Banking Crisis Boosts Bitcoin: Will BTC Reach New Heights?

Jun 18, 2023 Allgemein von admin

• First Republic Bank has recently been acquired by regulators, resulting in the third major bank failure of this year.
• The banking crisis narrative appears to be a boon for bitcoin, with the market lacking positive near-term catalysts but having supportive supply narratives.
• Bitcoin and Ether have started 2023 inorganically cheap, allowing room to move higher due to the contrast between their decentralized nature and the widening banking crisis.

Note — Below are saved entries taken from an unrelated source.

(* Consider an asymptotically polytropic equation of state whose asymptotic index at low pressure satisfies $0\le n_0\le 3$ (i.e. $\rho(p)=K p^{n_0/(n_0+1)}(1+O(p^{a_0/(n_0+1)}))$ as $p\to0$). Then every perfect fluid solution with positive mass, regular or not, has finite radius and finite total mass: there is $R<\infty$ with $p(r)>0$ for $r<R$ and $p(r)\to0$ as $r\to R$, and $M=\lim_{r\to R}m(r)<\infty$.
   Context: Equation of state: a barotropic relation $\rho=\rho(p)$, defined for $p\ge 0$, with $\rho>0$ for $p>0$, such that $\eta(p)=\int_0^p dp'/\rho(p')$ is finite for $p>0$; $\rho,p$ are regarded as functions of $\eta$. Index function: $n(\eta)=\frac{\eta}{\rho}\frac{d\rho}{d\eta}$. Asymptotically polytropic: $n$ is $C^1$ on $(0,\infty)$, bounded and non-negative on $[0,\infty]$, and $n(\eta)-n_0=O(\eta^{a_0})$ as $\eta\to0$, $n(\eta)-n_1=O(\eta^{-a_1})$ as $\eta\to\infty$ for some $n_0,n_1\ge0$, $a_0,a_1>0$. Perfect fluid solution: a solution $(m(r),p(r))$, $p>0$, of the Newtonian static spherically symmetric equations $dm/dr=4\pi r^2\rho(p)$, $dp/dr=-m\rho(p)/r^2$ (gravitational constant $1$), continued outward in $r$ as long as $p>0$. It is regular if $m(r)\to0$ and $p(r)\to p_c\in(0,\infty)$ as $r\to0$. ''Any perfect fluid solution'' here includes non-regular ones such as those with a point-mass singularity at $r=0$ and those that started with negative mass and reached $m=0$ at some radius, considered in the region where $m>0$. *)

From Stdlib Require Import Reals.
From Coquelicot Require Import Coquelicot.
Open Scope R_scope.

Definition EOS (rho : R -> R) : Prop :=
  forall p, 0 < p -> 0 < rho p.

Definition is_eta (rho eta : R -> R) : Prop :=
  forall p, 0 < p ->
    is_RInt_gen (fun q => / rho q) (at_right 0) (at_point p) (eta p).

(* Index function n(eta) = (eta / rho) d rho / d eta, where rhoE is rho
   regarded as a function of eta. *)
Definition index_fun (rhoE : R -> R) (e : R) : R :=
  e / rhoE e * Derive rhoE e.

Definition asymptotically_polytropic (rho : R -> R) (n0 n1 a0 a1 : R) : Prop :=
  exists eta rhoE : R -> R,
    is_eta rho eta /\
    (forall p, 0 < p -> rhoE (eta p) = rho p) /\
    (* eta ranges over (0, oo), so that n is defined on (0, oo) *)
    (forall e, 0 < e -> exists p, 0 < p /\ eta p = e) /\
    (forall e, 0 < e -> ex_derive rhoE e) /\
    (forall e, 0 < e ->
       ex_derive (index_fun rhoE) e /\ continuous (Derive (index_fun rhoE)) e) /\
    0 <= n0 /\ 0 <= n1 /\
    (exists B, forall e, 0 < e -> 0 <= index_fun rhoE e <= B) /\
    0 < a0 /\ 0 < a1 /\
    (exists C d, 0 < d /\ forall e, 0 < e < d ->
       Rabs (index_fun rhoE e - n0) <= C * Rpower e a0) /\
    (exists C E, forall e, E < e ->
       Rabs (index_fun rhoE e - n1) <= C * Rpower e (- a1)).

Definition fluid_solution (rho : R -> R) (m p : R -> R) (r0 : R) (Rb : Rbar)
  : Prop :=
  0 <= r0 /\ Rbar_lt r0 Rb /\
  forall r, r0 < r -> Rbar_lt r Rb ->
    0 < p r /\ 0 < m r /\
    is_derive m r (4 * PI * r ^ 2 * rho (p r)) /\
    is_derive p r (- (m r * rho (p r)) / r ^ 2).

Definition maximal_fluid_solution (rho : R -> R) (m p : R -> R) (r0 : R)
  (Rb : Rbar) : Prop :=
  fluid_solution rho m p r0 Rb /\
  ~ (exists (m2 p2 : R -> R) (R2 : Rbar),
       Rbar_lt Rb R2 /\ fluid_solution rho m2 p2 r0 R2 /\
       forall r, r0 < r -> Rbar_lt r Rb -> m2 r = m r /\ p2 r = p r).

(* Suppose the radius is infinite and put E = eta(p) along the solution.  Then
   f = E - m / r is nonincreasing and (r E)' = f.  If f ever became negative, r E > 0 would
   reach 0 at a finite radius; so f >= 0, i.e. E >= m / r, and the low-pressure bound
   rho >= c E^3 (this is where n0 <= 3 enters) gives m' >= 4 pi c m^3 / r, which blows up at
   a finite radius.  Hence the radius R is finite.  Below R the mass is increasing and
   bounded, so it converges; and if p stayed away from 0 near R, the Picard-Lindelof
   theorem would continue the solution past R, against maximality. *)

From Stdlib Require Import Reals Lra Psatz Classical.
From Coquelicot Require Import Coquelicot.
Open Scope R_scope.

Lemma incr_of_derive_nonneg (f df : R -> R) x y : x <= y ->
  (forall z, x <= z <= y -> is_derive f z (df z)) ->
  (forall z, x <= z <= y -> 0 <= df z) -> f x <= f y.
Proof.
  intros Hxy Hd Hpos.
  destruct (Req_dec x y) as [<-|Hne]; [lra|].
  destruct (MVT_gen f x y df) as [c [Hc Hmvt]];
    rewrite ?Rmin_left, ?Rmax_right in * by lra.
  - intros z Hz; apply Hd; lra.
  - intros z Hz; apply continuity_pt_filterlim, (ex_derive_continuous (V := R_NormedModule)).
    exists (df z); apply Hd; lra.
  - specialize (Hpos c Hc); nra.
Qed.

Lemma decr_of_derive_nonpos (f df : R -> R) x y : x <= y ->
  (forall z, x <= z <= y -> is_derive f z (df z)) ->
  (forall z, x <= z <= y -> df z <= 0) -> f y <= f x.
Proof.
  intros Hxy Hd Hneg.
  enough (- f x <= - f y) by lra.
  apply (incr_of_derive_nonneg (fun z => - f z) (fun z => - df z)); auto.
  - intros z Hz; apply (is_derive_opp f), Hd, Hz.
  - intros z Hz; specialize (Hneg z Hz); lra.
Qed.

First Republic Bank’s Failure

Bitcoin endured a small dip in early May after it was revealed that First Republic Bank had been acquired by regulators. This marks the third major bank failure this year, following Signature, Silvergate, and Silicon Valley. Most of its assets and deposits were circulated to institutions like JPMorgan Chase.

Impact on Bitcoin

Alex Thorn – head of firmwide research at Galaxy – commented on how this banking crisis has created a new “safe haven” status for bitcoin and other digital currencies as people seek out ways to keep their wealth stable during this uncertain time. As a result, many currencies have seen increases in their value that they never saw before.

Supply Narrative

Thorn noted that there are still supply issues overhanging bitcoin but accumulation by small addresses is outpacing issuance while Ethereum staking is expected to increase which provides a supportive supply narrative overall.

Macro Environment

The macro environment also looks set to back up bitcoin with tightening, recession likely coming around the corner along with an expanding multipolarity in the global economy which could all be supportive of gold and bitcoin prices moving forward.


Overall, it would seem that bitcoin stands to benefit from this current banking crisis as more people turn towards it as a safe haven during these turbulent times as well as its underlying supply narrative being strong enough to take advantage of any potential macroeconomic shifts ahead.